|
|
|
|
|
by formerly_proven
1979 days ago
|
|
Around four years ago I was working on a transactional data store and ran into these issues that virtually no one tells you how durable I/O is supposed to work. There were very few articles on the internet that went beyond some of the basic stuff (e.g. create file => fsync directory) and perhaps one article explaining what needs to be considered when using sync_file_range. Docs and POSIX were useless. I noticed that there seemed to be inherent problems with I/O error handling when using the page cache, i.e. whenever something that wasn't the app itself caused write I/O you really didn't know any more if all the data got there. Some two years later fsyncgate happened and since then I/O error handling on Linux has finally gotten at least some attention and people seemed to have woken up to the fact that this is a genuinely hard thing to do. |
|
My experience was the same as you.
What helped me was discovering all the fantastic storage and file system papers coming out of the University of Wisconsin Madison, supervised by Remzi and Andrea Arpaci-Dusseau.
Their teams have studied and documented almost all aspects of what is required to write reliable storage systems, even diving into interactions between local storage failures and global consensus protocols, how a single disk block failure can destroy Raft and Zookeeper. Most safety testing of these systems tends to focus on the network fault model.
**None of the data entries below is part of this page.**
(* In anonymous graphs of maximum degree $4$, there exists a randomized strategy (an oracle placement of quantum pebbles together with an oblivious agent's measurement-based rule), using at most a single quantum pebble at each node and $D$ quantum pebbles in total, with which the agent finds the treasure in $D$ steps with probability close to $1$, where $D$ is the length of a shortest path from the agent's starting node to the treasure. The agent needs to make $O(\log D)$ measurements at each node.
   Context: Anonymous graph: connected simple undirected graph with unlabelled, indistinguishable nodes; the edges at each node carry distinct local port numbers. An agent starts at a source node and must reach a stationary treasure node; $D$ is the shortest-path distance between them. In each round the agent learns the degree of its current node (and, here, can measure qubits emitted by a quantum pebble at that node), computes, and moves along at most one edge. The agent is oblivious: it retains no memory between rounds. A quantum pebble is a source placed at a node by an oracle (which knows the instance) that repeatedly emits qubits, all in the same quantum state unknown to the agent; the agent can perform projective single-qubit measurements in chosen orthonormal bases on as many emitted copies as it wants. *)

From HB Require Import structures.
From mathcomp Require Import all_boot all_algebra.
From mathcomp Require Import reals complex.
Set Implicit Arguments. Unset Strict Implicit. Unset Printing Implicit Defensive.
Import GRing.Theory Num.Theory.
Local Open Scope ring_scope.

(* Nodes: a finite type V.  Node v has degree [deg v] and its incident edges
   carry the distinct local port numbers 0 .. deg v - 1; [nbr v i] is the node
   reached from v through port i. *)

Definition adj (V : finType) (deg : V -> nat) (nbr : forall v, 'I_(deg v) -> V)
  : rel V := fun u w => [exists i : 'I_(deg u), nbr u i == w].

Definition port_graph (V : finType) (deg : V -> nat)
    (nbr : forall v, 'I_(deg v) -> V) : Prop :=
  [/\ (forall v, injective (@nbr v)),                      (* no multi-edges, distinct ports *)
      (forall v i, nbr v i != v),
      (forall v i, exists j, nbr (nbr v i) j = v)          (* undirected *)
    & (forall u w, connect (adj nbr) u w)].

Fixpoint reach (V : finType) (deg : V -> nat) (nbr : forall v, 'I_(deg v) -> V)
    (k : nat) (u w : V) : bool :=
  match k with
  | 0 => u == w
  | k'.+1 => [exists i : 'I_(deg u), reach nbr k' (nbr u i) w]
  end.

Definition is_dist (V : finType) (deg : V -> nat) (nbr : forall v, 'I_(deg v) -> V)
    (s t : V) (D : nat) : Prop :=
  reach nbr D s t /\ forall k, (k < D)%N -> ~~ reach nbr k s t.

Local Open Scope complex_scope.

Definition qvec (R : realType) := (R[i] * R[i])%type.

Definition qdot (R : realType) (u v : qvec R) : R[i] :=
  (u.1)^* * v.1 + (u.2)^* * v.2.

Definition csq (R : realType) (z : R[i]) : R :=
  let: a +i* b := z in a ^+ 2 + b ^+ 2.

Definition qstate (R : realType) (psi : qvec R) : Prop := qdot psi psi = 1.

(* orthonormal basis of C^2 (a projective single-qubit measurement) *)
Definition qbasis (R : realType) := (qvec R * qvec R)%type.
Definition orthonormal (R : realType) (b : qbasis R) : Prop :=
  [/\ qdot b.1 b.1 = 1, qdot b.2 b.2 = 1 & qdot b.1 b.2 = 0].

(* Born rule: probability of outcome [o] (false = b.1, true = b.2) *)
Definition born (R : realType) (b : qbasis R) (o : bool) (psi : qvec R) : R :=
  csq (qdot (if o then b.2 else b.1) psi).

(* In each round the agent sees the degree d of its current node and whether a
   pebble is there.  If a pebble is there it measures [nmeas] emitted copies,
   the basis of the j-th measurement being chosen (adaptively) from d and the
   j previous outcomes; then it chooses a port (Some i) or stays (None), as a
   function of d and of the observation (None = no pebble, Some o = outcomes).
   No memory is kept between rounds. *)
Record agent (R : realType) := Agent {
  nmeas : nat;
  meas : nat -> seq bool -> qbasis R;
  move : forall d : nat, option (seq bool) -> option 'I_d
}.

Definition valid_agent (R : realType) (A : agent R) : Prop :=
  forall d s, orthonormal (meas A d s).

Section Run.
Variables (R : realType) (V : finType) (deg : V -> nat)
  (nbr : forall v, 'I_(deg v) -> V) (t : V) (peb : V -> option (qvec R))
  (A : agent R).

Definition next (v : V) (obs : option (seq bool)) : V :=
  match move A (deg v) obs with None => v | Some i => @nbr v i end.

Definition outcome_prob (d : nat) (psi : qvec R) (o : (nmeas A).-tuple bool) : R :=
  \prod_(j < nmeas A) born (meas A d (take j o)) (tnth o j) psi.

Fixpoint succ_prob (n : nat) (v : V) : R :=
  if v == t then 1 else
  match n with
  | 0 => 0
  | n'.+1 =>
    match peb v with
    | None => succ_prob n' (next v None)
    | Some psi => \sum_(o : (nmeas A).-tuple bool)
                     outcome_prob (deg v) psi o * succ_prob n' (next v (Some (val o)))
    end
  end.
End Run.

From Pilot Require Import Defs.
From mathcomp Require Import all_boot all_order all_algebra.
From mathcomp Require Import reals complex.
From mathcomp Require Import ring lra zify.
Set Implicit Arguments. Unset Strict Implicit. Unset Printing Implicit Defensive.
Import Order.TTheory GRing.Theory Num.Theory.
Local Open Scope ring_scope.

(* The oracle fixes a shortest path from s to t and, at each of its D nodes
   other than t, encodes the exit port (one of 0..3, as degrees are at most 4) in a
   pebble: none for port 0, |0> for port 1, |1> for port 2, |+> for port 3.
   The agent measures m copies in the computational basis and reads port 1 or 2
   when all outcomes are 0 or all are 1, and port 3 when they disagree.  Only
   |+> can be misread, with probability 2^(1-m), so by the union bound the agent
   follows the path with probability at least 1 - D 2^(1-m), which is at least
   1 - delta when m = c (log D + 1) and 2^c > 2/delta. *)

Section Qubits.
Variable R : realType.
Local Open Scope complex_scope.

Definition ket0 : qvec R := (1, 0).
Definition ket1 : qvec R := (0, 1).
Definition ket_plus : qvec R := let h := 2^-1 +i* 2^-1 in (h, h).
Definition comp_basis : qbasis R := (ket0, ket1).

Lemma comp_basis_orthonormal : Defs.orthonormal comp_basis.
Proof. by split; rewrite /qdot /=; simpc. Qed.

Lemma qstate_ket0 : qstate ket0.
Proof. by case: comp_basis_orthonormal. Qed.

Lemma qstate_ket1 : qstate ket1.
Proof. by case: comp_basis_orthonormal. Qed.

Lemma qstate_ket_plus : qstate ket_plus.
Proof.
rewrite /qstate /qdot /=; simpc.
by apply/eqP; rewrite eq_complex /= eqxx andbT; apply/eqP; field.
Qed.

Lemma born_ket0 o : born comp_basis o ket0 = (~~ o)%:R.
Proof. by case: o; rewrite /born /qdot /=; simpc; rewrite /csq; ring. Qed.

Lemma born_ket1 o : born comp_basis o ket1 = o%:R.
Proof. by case: o; rewrite /born /qdot /=; simpc; rewrite /csq; ring. Qed.

Lemma born_ket_plus o : born comp_basis o ket_plus = 2^-1.
Proof. by case: o; rewrite /born /qdot /=; simpc; rewrite /csq; field. Qed.

Lemma csq_ge0 (z : R[i]) : 0 <= csq z.
Proof. by case: z => a b; rewrite addr_ge0 // sqr_ge0. Qed.

End Qubits.

Definition port_of_obs (obs : option (seq bool)) : nat :=
  match obs with
  | None => 0
  | Some s => if constant s then (if head false s then 2 else 1) else 3
  end.

Definition pebble_of_port (R : realType) (k : nat) : option (qvec R) :=
  match k with
  | 0 => None
  | 1 => Some (ket0 R)
  | 2 => Some (ket1 R)
  | _ => Some (ket_plus R)
  end.

Definition comp_agent (R : realType) (m : nat) : agent R :=
  Agent m (fun _ _ => comp_basis R) (fun d obs => insub (port_of_obs obs)).

Lemma pebble_of_port_qstate (R : realType) k psi :
  pebble_of_port R k = Some psi -> qstate psi.
Proof.
by case: k => [|[|[|k]]] //= [<-]; [apply: qstate_ket0 | apply: qstate_ket1 | apply: qstate_ket_plus].
Qed.

Section Run.
Variables (R : realType) (V : finType) (deg : V -> nat)
  (nbr : forall v, 'I_(deg v) -> V) (t : V) (peb : V -> option (qvec R))
  (A : agent R).
Arguments nbr : clear implicits.

Local Notation succ_prob := (succ_prob nbr t peb A).
Local Notation next := (Defs.next nbr A).

Definition step_prob (v w : V) : R :=
  match peb v with
  | None => (next v None == w)%:R
  | Some psi => \sum_(o | next v (Some (val o)) == w) outcome_prob (A := A) (deg v) psi o
  end.

Lemma outcome_prob_ge0 d psi o : 0 <= outcome_prob (A := A) d psi o.
Proof. by apply: prodr_ge0 => j _; apply: csq_ge0. Qed.

Lemma succ_prob_ge0 n v : 0 <= succ_prob n v.
Proof.
elim: n v => [|n IHn] v /=; case: ifP => // _.
case: (peb v) => [psi|] //.
by apply: sumr_ge0 => o _; rewrite mulr_ge0 ?outcome_prob_ge0.
Qed.

Lemma succ_prob_step n v w :
  v != t -> step_prob v w * succ_prob n w <= succ_prob n.+1 v.
Proof.
move=> /negbTE /= ->; rewrite /step_prob; case: (peb v) => [psi|].
  rewrite mulr_suml big_mkcond; apply: ler_sum => o _.
  by case: eqP => [-> //|_]; rewrite mulr_ge0 ?outcome_prob_ge0 ?succ_prob_ge0.
by case: eqP => [-> | _]; rewrite ?mul1r ?mul0r ?succ_prob_ge0.
Qed.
I think in a few years time we'll all look back and see how today we had almost no concept of a storage fault model. It's kind of exciting to think that there's going to be a new breed of replicated databases that are far more reliable than today's systems. On the another hand, perhaps the future is already here, just not very evenly distributed.
http://pages.cs.wisc.edu/~remzi/
Their OSTEP book (Operating Systems in Three Easy Pieces) is also a great fun read: http://pages.cs.wisc.edu/~remzi/OSTEP/